01-27-2011 05:24 AM
Hello,
I've a
1. Sun T5240 server configured with 4 Ldoms each with 8G Memory & 12 vCPUs.
2. Running Solaris10 u9 on all Primary domain and all the guest domains.
3. 2 Guest domains are running VCS5.1 and couple of oracleSGs .
Everything is running fine but when i configured the I/O fencing on the nodes it does not seems to work. The co-ordinator disks are from Clariion array 5Gb each. So my question is does any one have I/O fencing working on Ldoms ?
And if yes what i 'm doing wrong.
Following is the o/p .. rest i can give as asked
Solved! Go to Solution.
02-02-2011 04:40 AM
This is documented in 5.1SP1 guide too.... so this doesn't seems to be fixed yet...
https://sort.symantec.com/public/documents/sfha/5.1sp1/solaris/productguides/pdf/sfha_virtualization_51sp1_sol.pdf
Guest LDom node shows only 1 PGR key instead of 2 after
rejecting the other node in the cluster
For configuration information concerning the guest LDom node shows only 1 PGR
key instead of 2 after rejecting the other node in the cluster:
See Figure 5-4 on page 76.
This was observed while performing a series of reboots of the primary and alternate
I/O domains on both the physical hosts housing the two guests. At some point
one key is reported missing on the coordinator disk.
This issue is under investigation. The vxfen driver can still function as long as
there is 1 PGR key. This is a low severity issue as it will not cause any immediate
Storage Foundation and High Availability Solutions support for VM Server for SPARC (Logical Domains)
Known issues
96
interruption. Symantec will update this issue when the root cause is found for
the missing key
01-27-2011 07:48 AM
Is this first time you are trying to configure or it was working before ? is PR bit enabled from storage end ?

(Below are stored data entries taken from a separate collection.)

Lemma ode_solution_unique x y (t : R) :
  (forall i, locally_lipschitz (fun z => F z i)) -> 0 < t ->
  ode_solution x -> ode_solution y -> x 0 = y 0 -> x t = y t.
Proof.
move=> LF t_gt0 solx soly xy0.
have [Mx Mx_ge0 bx] := ode_solution_bounded t_gt0 solx.
have [My My_ge0 by_] := ode_solution_bounded t_gt0 soly.
have [L L_ge0 HL] := locally_lipschitz_uniform LF (addr_ge0 Mx_ge0 My_ge0).
pose D s := \sum_i sqrnormc (x s i - y s i).
pose D' s := \sum_i 2 * complex.Re (Num.conj (x s i - y s i) * (F (x s) i - F (y s) i)).
have D_t : D t = 0.
  apply: (@gronwall_eq0 _ D D' (4 * L * #|I|%:R)) => //.
  - apply: continuous_on_big => i; apply/continuous_on_sqrnormc/ccontinuous_onB.
      by have [x0 dx] := solx i; exact: ccont0_continuous_itv x0 dx.
    by have [y0 dy] := soly i; exact: ccont0_continuous_itv y0 dy.
  - move=> s /andP[s_gt0 _]; apply: is_derive_big => i.
    apply: is_derive_sqrnormc; apply: cderivB.
      exact: (solx i).2.
    exact: (soly i).2.
  - move=> s /andP[s_gt0 s_lt]; apply: energy_estimate => // i.
    have s_in : s \in `[0, t]%R by rewrite in_itv /= !ltW.
    apply: HL => j.
      by apply: le_trans (bx s s_in j) _; rewrite lerDl.
    by apply: le_trans (by_ s s_in j) _; rewrite lerDr.
  - by rewrite /D xy0 big1 // => i _; apply/eqP; rewrite subrr sqrnormc_eq0.
  - by rewrite sumr_ge0 // => i _; exact: sqrnormc_ge0.
apply/funext => i; apply/eqP; rewrite -subr_eq0 -sqrnormc_eq0.
move/eqP: D_t; rewrite psumr_eq0 => [/allP/(_ i)|j _]; last exact: sqrnormc_ge0.
by rewrite mem_index_enum => /(_ isT).
Qed.

End OdeUniqueness.

Ltac lipschitz_step := match goal with
  | |- locally_lipschitz (fun _ => ?c) => exact: (@locally_lipschitz_cst _ _ c)
  | |- locally_lipschitz (fun z => @?f z + @?g z) => apply: (@locally_lipschitzD _ _ f g)
  | |- locally_lipschitz (fun z => - @?f z) => apply: (@locally_lipschitzN _ _ f)
  | |- locally_lipschitz (fun z => @?f z * @?g z) => apply: (@locally_lipschitzM _ _ f g)
  | |- locally_lipschitz (fun z => Num.conj (@?f z)) =>
      apply: (@locally_lipschitz_conj _ _ f)
  | |- locally_lipschitz (fun z => \big[+%R/0]_(j <- ?r | @?P j) @?F z j) =>
      apply: (@locally_lipschitz_sum _ _ _ r P F) => ?
  | |- locally_lipschitz (fun z => z ?i) => exact: (@locally_lipschitz_coord _ _ i)
  end.

Section LoheUniqueness.
Variable R : realType.
Local Notation C := R[i].
Variables N d1 d2 d3 d4 : nat.
Local Notation I := ('I_N * 'I_d1 * 'I_d2 * 'I_d3 * 'I_d4)%type.
Variables (A : 'I_N -> tensor8 R d1 d2 d3 d4) (kappa : bool -> bool -> bool -> bool -> R).

Definition tensors_of (z : I -> C) : 'I_N -> tensor4 R d1 d2 d3 d4 :=
  fun k b1 b2 b3 b4 => z (k, b1, b2, b3, b4).

Definition lohe_field (z : I -> C) (i : I) : C :=
  let: (k, a1, a2, a3, a4) := i in lohe_rhs A kappa (tensors_of z) k a1 a2 a3 a4.

Lemma locally_lipschitz_lohe i : locally_lipschitz (fun z => lohe_field z i).
Proof.
by case: i => [[[[k a1] a2] a3] a4]; rewrite /lohe_field /lohe_rhs /tensors_of;
  cbv zeta; repeat lipschitz_step.
Qed.

Lemma lohe_solution_unique (T T' : 'I_N -> R -> tensor4 R d1 d2 d3 d4) :
  lohe_solution A kappa T -> lohe_solution A kappa T' ->
  (forall j, T j 0 = T' j 0) -> forall j (t : R), 0 < t -> T j t = T' j t.
Proof.
move=> solT solT' T0 j t t_gt0.
pose flat (T : 'I_N -> R -> tensor4 R d1 d2 d3 d4) s (i : I) :=
  let: (k, b1, b2, b3, b4) := i in T k s b1 b2 b3 b4.
have flat_sol T1 : lohe_solution A kappa T1 -> ode_solution lohe_field (flat T1).
  by move=> solT1 [[[[k a1] a2] a3] a4]; exact: solT1.
have flat_eq : flat T t = flat T' t.
  apply: ode_solution_unique locally_lipschitz_lohe t_gt0 (flat_sol _ solT)
    (flat_sol _ solT') _.
  by apply/funext => -[[[[k a1] a2] a3] a4]; rewrite /= T0.
exact: (congr1 (fun z a1 a2 a3 a4 => z (j, a1, a2, a3, a4)) flat_eq).
Qed.

End LoheUniqueness.

(** * Conservation of the Frobenius norms *)

Section FrobeniusNorm.
Variable R : realType.
Local Notation C := R[i].

Definition skew_hermitian m n (B : 'I_m -> 'I_n -> 'I_m -> 'I_n -> C) :=
  forall a b c d, B a b c d = - Num.conj (B c d a b).

Lemma frobE m n (X Y : 'M[C]_(m, n)) :
  frob X Y = \sum_(a < m) \sum_(b < n) Num.conj (X a b) * Y a b.
Proof.
rewrite /frob /mxtrace exchange_big; apply: eq_bigr => b _; rewrite mxE.
by apply: eq_bigr => a _; rewrite mxE.
Qed.

Lemma frob_conj m n (X Y : 'M[C]_(m, n)) : Num.conj (frob X Y) = frob Y X.
Proof.
rewrite !frobE rmorph_sum; apply: eq_bigr => a _; rewrite rmorph_sum.
by apply: eq_bigr => b _; rewrite rmorphM /= conjCK mulrC.
Qed.

Lemma Re_frob_sqrnormc m n (X : 'M[C]_(m, n)) :
  complex.Re (frob X X) = \sum_(a < m) \sum_(b < n) sqrnormc (X a b).
Proof.
rewrite frobE raddf_sum; apply: eq_bigr => a _; rewrite raddf_sum.
by apply: eq_bigr => b _; rewrite sqrnormcE.
Qed.

Lemma Re_conjN_eq0 (w : C) : Num.conj w = - w -> complex.Re w = 0.
Proof. by case: w => a b [] /eqP; rewrite -subr_eq0 opprK -mulr2n mulrn_eq0 => /eqP. Qed.

Lemma frobD m n (X Y Z : 'M[C]_(m, n)) : frob X (Y + Z) = frob X Y + frob X Z.
Proof. by rewrite /frob mulmxDr mxtraceD. Qed.

Lemma frobB m n (X Y Z : 'M[C]_(m, n)) : frob X (Y - Z) = frob X Y - frob X Z.
Proof. by rewrite /frob mulmxBr raddfB. Qed.

Lemma frobZ m n (X Y : 'M[C]_(m, n)) c : frob X (c *: Y) = c * frob X Y.
Proof. by rewrite /frob -scalemxAr mxtraceZ. Qed.

Lemma frob_sum m n (X : 'M[C]_(m, n)) (J : finType) (Y : J -> 'M[C]_(m, n)) :
  frob X (\sum_k Y k) = \sum_k frob X (Y k).
Proof. by rewrite /frob mulmx_sumr raddf_sum. Qed.

Lemma adjmxK m n (X : 'M[C]_(m, n)) : adjmx (adjmx X) = X.
Proof. by apply/matrixP => a b; rewrite !mxE conjCK. Qed.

Have you tried running "vxfentsthdw" utility & see if all tests are passed ? please note, this utility should be run on a blank disk (not on data disk) as it may erase the data...
see below post on how vxfentsthdw works :
https://www-secure.symantec.com/connect/forums/test-disk-io-fencing-vxfentsthdw
Gaurav
01-27-2011 08:37 AM
Yes this is the first time m trying to configure fencing on Ldoms
I tried the vxfentsthdw got following result
########################################################################################
01-27-2011 08:44 AM
Hello,
To me it doesn't look like any supportability issue... you can see that keys are already existing... I am not sure what -s is reading (will find it out though) .. can u give output of these:
# vxfenadm -g all -f /etc/vxfentab ( -g will read registrations & -r will read out reservations, coordinator disks will always have registrations only)..
also, what is output of:
# gabconfig -a (from both nodes)
# cat /etc/vxfenmode (from both nodes)
# cat /etc/vxfendg (from both nodes)
# modinfo |grep -i vx
Gaurav
01-27-2011 09:25 AM
01-27-2011 09:35 AM
This is more concerning from above output:
# cat /etc/llthosts
doesn't looks right that even registration is not happening on coordinator disks...
what I would probably suggest is to take down cluster services (from node whose keys are not registered), stop the fencing module & restart it ... want to see if fencing module throws any error while starting up... registrations are made on coordinator disks once fencing module starts.. Once I have llthosts output, can tell you which node you can try this on..
# hastop -local force (if you want applications to keep running) or else hastop -all (if you are ok to shutdown all services)
# /etc/init.d/vxfen stop (this should remove port b from gabconfig -a output)
# /etc/init.d/vxfen start (want to see if any errors appear here & coordinator disks should see keys from both the nodes)
Gaurav
01-27-2011 09:57 AM
Gaurav,
Since this is a Ldom environment .. there is no zoning from the switches .. the storage is shared to both the domains from the primary domain .. just like the oradg disk group .. and after restarting the fencing on both the nodes .. node1's registeration keys were kicked out and the node2 now shows like this
02-02-2011 04:21 AM
Can anyone help me on this ?
02-02-2011 04:31 AM
I missed to answer this one.. This was seen as known issue in 5.1
http://sfdoccentral.symantec.com/sf/5.1/solaris/html/sfha_virtualization/ch04s15s01s02.htm
Gaurav
02-02-2011 04:40 AM
This is documented in 5.1SP1 guide too.... so this doesn't seems to be fixed yet...
https://sort.symantec.com/public/documents/sfha/5.1sp1/solaris/productguides/pdf/sfha_virtualization_51sp1_sol.pdf
Guest LDom node shows only 1 PGR key instead of 2 after
rejecting the other node in the cluster
For configuration information concerning the guest LDom node shows only 1 PGR
key instead of 2 after rejecting the other node in the cluster:
See Figure 5-4 on page 76.
This was observed while performing a series of reboots of the primary and alternate
I/O domains on both the physical hosts housing the two guests. At some point
one key is reported missing on the coordinator disk.
This issue is under investigation. The vxfen driver can still function as long as
there is 1 PGR key. This is a low severity issue as it will not cause any immediate
Storage Foundation and High Availability Solutions support for VM Server for SPARC (Logical Domains)
Known issues
96
interruption. Symantec will update this issue when the root cause is found for
the missing key
02-02-2011 04:46 AM
Thanks for the update Gaurav. Marking it Solution .. :)
And do you know where i can get the llt_disable/enable scripts . .
02-02-2011 05:10 AM
I don't have those scripts either... don't remember but are those scripts propreitery or intellectual property of Symantec ? If yes then it won't be shared...
Gaurav